(Saved data entries)
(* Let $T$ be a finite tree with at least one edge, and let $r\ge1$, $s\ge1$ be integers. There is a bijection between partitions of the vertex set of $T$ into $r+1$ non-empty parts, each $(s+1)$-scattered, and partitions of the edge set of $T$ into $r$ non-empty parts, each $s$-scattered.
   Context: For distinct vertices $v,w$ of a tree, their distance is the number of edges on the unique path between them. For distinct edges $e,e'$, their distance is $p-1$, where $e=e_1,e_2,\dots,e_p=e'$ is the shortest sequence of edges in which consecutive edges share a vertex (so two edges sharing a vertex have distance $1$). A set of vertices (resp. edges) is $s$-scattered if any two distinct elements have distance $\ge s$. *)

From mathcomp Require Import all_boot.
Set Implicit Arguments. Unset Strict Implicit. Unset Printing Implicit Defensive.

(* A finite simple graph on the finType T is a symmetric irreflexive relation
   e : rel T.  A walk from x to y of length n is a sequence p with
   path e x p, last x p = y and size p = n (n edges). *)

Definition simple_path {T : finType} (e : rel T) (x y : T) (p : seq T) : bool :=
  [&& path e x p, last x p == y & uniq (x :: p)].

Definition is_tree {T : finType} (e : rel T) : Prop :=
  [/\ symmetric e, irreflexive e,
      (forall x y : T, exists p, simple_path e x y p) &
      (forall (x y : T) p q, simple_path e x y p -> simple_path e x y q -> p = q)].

==

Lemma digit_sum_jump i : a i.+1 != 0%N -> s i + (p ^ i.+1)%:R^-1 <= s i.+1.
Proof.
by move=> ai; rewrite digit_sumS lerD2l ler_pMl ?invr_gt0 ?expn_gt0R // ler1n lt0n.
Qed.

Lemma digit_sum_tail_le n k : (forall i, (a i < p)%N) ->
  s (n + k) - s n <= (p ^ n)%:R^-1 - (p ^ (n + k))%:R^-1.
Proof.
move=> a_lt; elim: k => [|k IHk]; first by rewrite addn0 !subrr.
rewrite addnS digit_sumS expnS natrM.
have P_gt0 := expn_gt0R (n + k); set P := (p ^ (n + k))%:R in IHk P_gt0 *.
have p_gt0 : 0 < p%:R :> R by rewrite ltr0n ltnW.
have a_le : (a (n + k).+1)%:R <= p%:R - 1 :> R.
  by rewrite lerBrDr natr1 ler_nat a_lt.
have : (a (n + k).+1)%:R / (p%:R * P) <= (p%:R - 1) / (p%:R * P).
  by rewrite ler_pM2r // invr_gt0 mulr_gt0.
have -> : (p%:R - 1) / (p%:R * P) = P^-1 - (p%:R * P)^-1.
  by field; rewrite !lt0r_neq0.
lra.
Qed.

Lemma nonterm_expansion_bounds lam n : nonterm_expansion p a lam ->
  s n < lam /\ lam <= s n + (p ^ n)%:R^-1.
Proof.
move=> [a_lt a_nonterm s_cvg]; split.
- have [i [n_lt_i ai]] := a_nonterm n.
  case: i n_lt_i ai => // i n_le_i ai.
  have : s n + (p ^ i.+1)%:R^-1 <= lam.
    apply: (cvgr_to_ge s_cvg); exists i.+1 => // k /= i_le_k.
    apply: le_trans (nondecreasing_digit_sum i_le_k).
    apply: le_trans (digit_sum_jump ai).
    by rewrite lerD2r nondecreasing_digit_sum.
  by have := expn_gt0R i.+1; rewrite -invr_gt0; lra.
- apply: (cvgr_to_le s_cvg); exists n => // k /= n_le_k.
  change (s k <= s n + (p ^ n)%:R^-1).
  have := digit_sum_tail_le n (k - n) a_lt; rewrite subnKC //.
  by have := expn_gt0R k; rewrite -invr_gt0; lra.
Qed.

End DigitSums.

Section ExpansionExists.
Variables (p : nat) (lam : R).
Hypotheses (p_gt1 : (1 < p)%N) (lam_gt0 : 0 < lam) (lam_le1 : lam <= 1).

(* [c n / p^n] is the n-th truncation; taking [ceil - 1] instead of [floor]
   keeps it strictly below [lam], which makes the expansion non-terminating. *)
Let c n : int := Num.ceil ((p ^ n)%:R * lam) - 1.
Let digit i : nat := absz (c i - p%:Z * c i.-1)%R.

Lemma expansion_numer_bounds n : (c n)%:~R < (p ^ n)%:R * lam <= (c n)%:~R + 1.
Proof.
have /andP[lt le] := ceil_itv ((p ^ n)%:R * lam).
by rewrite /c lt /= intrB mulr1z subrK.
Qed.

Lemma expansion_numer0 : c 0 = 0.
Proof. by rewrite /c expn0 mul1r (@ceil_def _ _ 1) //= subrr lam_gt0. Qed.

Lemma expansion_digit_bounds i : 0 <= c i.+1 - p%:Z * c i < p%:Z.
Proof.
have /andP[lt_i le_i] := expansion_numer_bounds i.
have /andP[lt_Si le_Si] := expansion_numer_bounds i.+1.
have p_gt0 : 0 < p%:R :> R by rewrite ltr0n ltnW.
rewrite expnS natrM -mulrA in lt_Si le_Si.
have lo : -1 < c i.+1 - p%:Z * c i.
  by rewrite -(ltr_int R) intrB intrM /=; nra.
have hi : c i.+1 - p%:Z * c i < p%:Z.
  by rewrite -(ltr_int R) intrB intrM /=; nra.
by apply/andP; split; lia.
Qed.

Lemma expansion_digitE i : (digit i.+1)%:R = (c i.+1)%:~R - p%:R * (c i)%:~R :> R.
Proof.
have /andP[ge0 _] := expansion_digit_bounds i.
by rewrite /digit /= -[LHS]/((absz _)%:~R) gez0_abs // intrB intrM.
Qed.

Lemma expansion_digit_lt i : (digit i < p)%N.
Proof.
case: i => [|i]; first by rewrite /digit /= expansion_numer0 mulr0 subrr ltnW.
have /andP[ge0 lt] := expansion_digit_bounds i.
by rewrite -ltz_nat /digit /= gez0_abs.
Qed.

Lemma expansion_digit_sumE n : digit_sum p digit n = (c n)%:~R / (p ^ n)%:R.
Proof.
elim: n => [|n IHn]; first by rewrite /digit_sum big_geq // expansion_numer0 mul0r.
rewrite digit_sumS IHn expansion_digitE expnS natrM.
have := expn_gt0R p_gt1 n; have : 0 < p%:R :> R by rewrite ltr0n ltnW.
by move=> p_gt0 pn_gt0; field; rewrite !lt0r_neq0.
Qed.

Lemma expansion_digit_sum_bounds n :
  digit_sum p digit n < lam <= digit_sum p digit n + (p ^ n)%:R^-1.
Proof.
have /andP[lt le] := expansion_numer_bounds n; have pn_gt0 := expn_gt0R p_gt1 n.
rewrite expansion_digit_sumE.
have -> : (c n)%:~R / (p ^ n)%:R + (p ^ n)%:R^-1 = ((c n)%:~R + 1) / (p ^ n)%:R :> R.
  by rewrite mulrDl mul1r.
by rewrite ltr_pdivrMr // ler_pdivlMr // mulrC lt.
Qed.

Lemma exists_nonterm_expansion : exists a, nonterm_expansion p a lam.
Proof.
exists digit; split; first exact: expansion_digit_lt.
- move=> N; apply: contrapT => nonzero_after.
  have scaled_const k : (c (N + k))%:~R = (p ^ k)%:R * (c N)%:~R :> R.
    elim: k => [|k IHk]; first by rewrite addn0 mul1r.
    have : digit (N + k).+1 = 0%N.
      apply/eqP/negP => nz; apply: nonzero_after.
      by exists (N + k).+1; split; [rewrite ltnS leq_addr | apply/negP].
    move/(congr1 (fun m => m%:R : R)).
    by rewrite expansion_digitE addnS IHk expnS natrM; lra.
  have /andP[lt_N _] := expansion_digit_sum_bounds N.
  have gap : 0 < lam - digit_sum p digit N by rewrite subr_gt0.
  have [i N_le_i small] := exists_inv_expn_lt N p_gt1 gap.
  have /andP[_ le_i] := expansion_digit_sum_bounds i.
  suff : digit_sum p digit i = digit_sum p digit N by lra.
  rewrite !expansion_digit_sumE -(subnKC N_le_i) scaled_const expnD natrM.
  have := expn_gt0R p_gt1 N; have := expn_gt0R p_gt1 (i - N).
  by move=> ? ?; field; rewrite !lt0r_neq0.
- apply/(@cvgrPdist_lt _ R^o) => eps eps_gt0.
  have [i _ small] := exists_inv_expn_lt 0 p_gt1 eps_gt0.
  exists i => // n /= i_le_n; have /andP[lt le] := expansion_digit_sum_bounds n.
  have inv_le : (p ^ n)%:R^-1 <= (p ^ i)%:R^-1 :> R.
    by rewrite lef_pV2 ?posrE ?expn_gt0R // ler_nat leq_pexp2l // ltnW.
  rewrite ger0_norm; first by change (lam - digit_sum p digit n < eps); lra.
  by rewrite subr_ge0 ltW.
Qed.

### [BRIEF]
Reproduce exactly the lines above from the line with "(* Let $T$ be" to the line with "(forall x y", including both, and add nothing.

### [SOLUTION TO THE PROBLEM]
(* Let $T$ be a finite tree with at least one edge, and let $r\ge1$, $s\ge1$ be integers. There is a bijection between partitions of the vertex set of $T$ into $r+1$ non-empty parts, each $(s+1)$-scattered, and partitions of the edge set of $T$ into $r$ non-empty parts, each $s$-scattered.
   Context: For distinct vertices $v,w$ of a tree, their distance is the number of edges on the unique path between them. For distinct edges $e,e'$, their distance is $p-1$, where $e=e_1,e_2,\dots,e_p=e'$ is the shortest sequence of edges in which consecutive edges share a vertex (so two edges sharing a vertex have distance $1$). A set of vertices (resp. edges) is $s$-scattered if any two distinct elements have distance $\ge s$. *)

From mathcomp Require Import all_boot.
Set Implicit Arguments. Unset Strict Implicit. Unset Printing Implicit Defensive.

(* A finite simple graph on the finType T is a symmetric irreflexive relation
   e : rel T.  A walk from x to y of length n is a sequence p with
   path e x p, last x p = y and size p = n (n edges). *)

Definition simple_path {T : finType} (e : rel T) (x y : T) (p : seq T) : bool :=
  [&& path e x p, last x p == y & uniq (x :: p)].

Definition is_tree {T : finType} (e : rel T) : Prop :=
  [/\ symmetric e, irreflexive e,
      (forall x y : T, exists p, simple_path e x y p) &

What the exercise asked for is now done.